The model's performance can be evaluated using the following metrics:

1. **Mean Squared Error (MSE)**: This measures the average squared difference between the actual ratings and the predicted ratings. A lower MSE indicates better model performance.

2. **R² Score**: This indicates the proportion of variance in the ratings that is explained by the cocoa percentage. An R² score closer to 1 suggests that the model explains a large portion of the variability in the data.

Based on these metrics, we can assess how well cocoa percentage alone predicts chocolate ratings. The R² score gives us insight into whether this single variable is sufficient for prediction or if we need to consider additional factors.



## 10. Reflection on Data Bias and Model Limitations

Several potential biases and limitations should be considered when interpreting this model:

1. **Sampling Bias**: The dataset may not represent all chocolate products equally. Certain regions, manufacturers, or types of chocolate might be overrepresented or underrepresented.

2. **Omitted Variable Bias**: The model only considers cocoa percentage as a predictor, but many other factors likely influence chocolate ratings:
   - Bean origin and type
   - Manufacturing processes
   - Ingredients besides cocoa
   - Reviewer preferences and biases

3. **Measurement Bias**: The ratings are subjective and may reflect the preferences of a specific group of tasters rather than universal quality measures.

4. **Non-linear Relationships**: The relationship between cocoa percentage and rating might not be strictly linear. There could be optimal ranges or threshold effects that a linear model cannot capture.

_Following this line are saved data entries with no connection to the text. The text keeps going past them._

Lemma arm_G1_assemble a b c r x v s :
  arm_midpoints a b c 1 r -> (v < 7)%nat -> 0 <= s <= side_len a b c x ->
  arm a b c 1 (G1_assemble a b c 1 r) x v s = r x v s.
Proof.
  intros M Hv Hs. destruct M as (M0 & M1 & M2 & M3 & M4 & M5).
  destruct x; do 7 (destruct v as [|v];
    [ cbn in Hs |- *; unfold glue; try destruct (Rle_dec _ _) as [Hmid|Hmid];
      first [ ring | lra
            | match goal with Hmid : 2 * ?L - s <= ?L |- _ =>
                assert (s = L) by lra; subst s end;
              simplify_reflections; lra
            | simplify_reflections; ring ] |]); lia.
Qed.

Lemma transplant_conditions a b c p dp : 0 < a -> 0 < b -> 0 < c ->
  G1_conditions a b c p dp -> G1_conditions a c b (transplant a b c 1 p) (transplant a b c (-1) dp).
Proof.
  intros Ha Hb Hc H. unfold G1_conditions, G1_pendant_zero in *. decompose [and] H; clear H.
  unfold transplant; cbn [G1_assemble]. evaluate_glue.
  unfold transplanted_arms, transplant_row; cbn. simplify_reflections.
  repeat split; lra.
Qed.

5. **Data Quality Issues**: Any errors in data entry, inconsistent rating scales, or missing values could affect the model's reliability.

To improve the model, we could:
- Include additional predictors such as bean origin, company location, or bean type
- Explore non-linear modeling approaches
- Consider interaction effects between variables
- Implement cross-validation to ensure model stability
- Analyze residuals to identify patterns in prediction errors

This analysis serves as a starting point for understanding chocolate ratings, but a more comprehensive model would be needed for accurate predictions.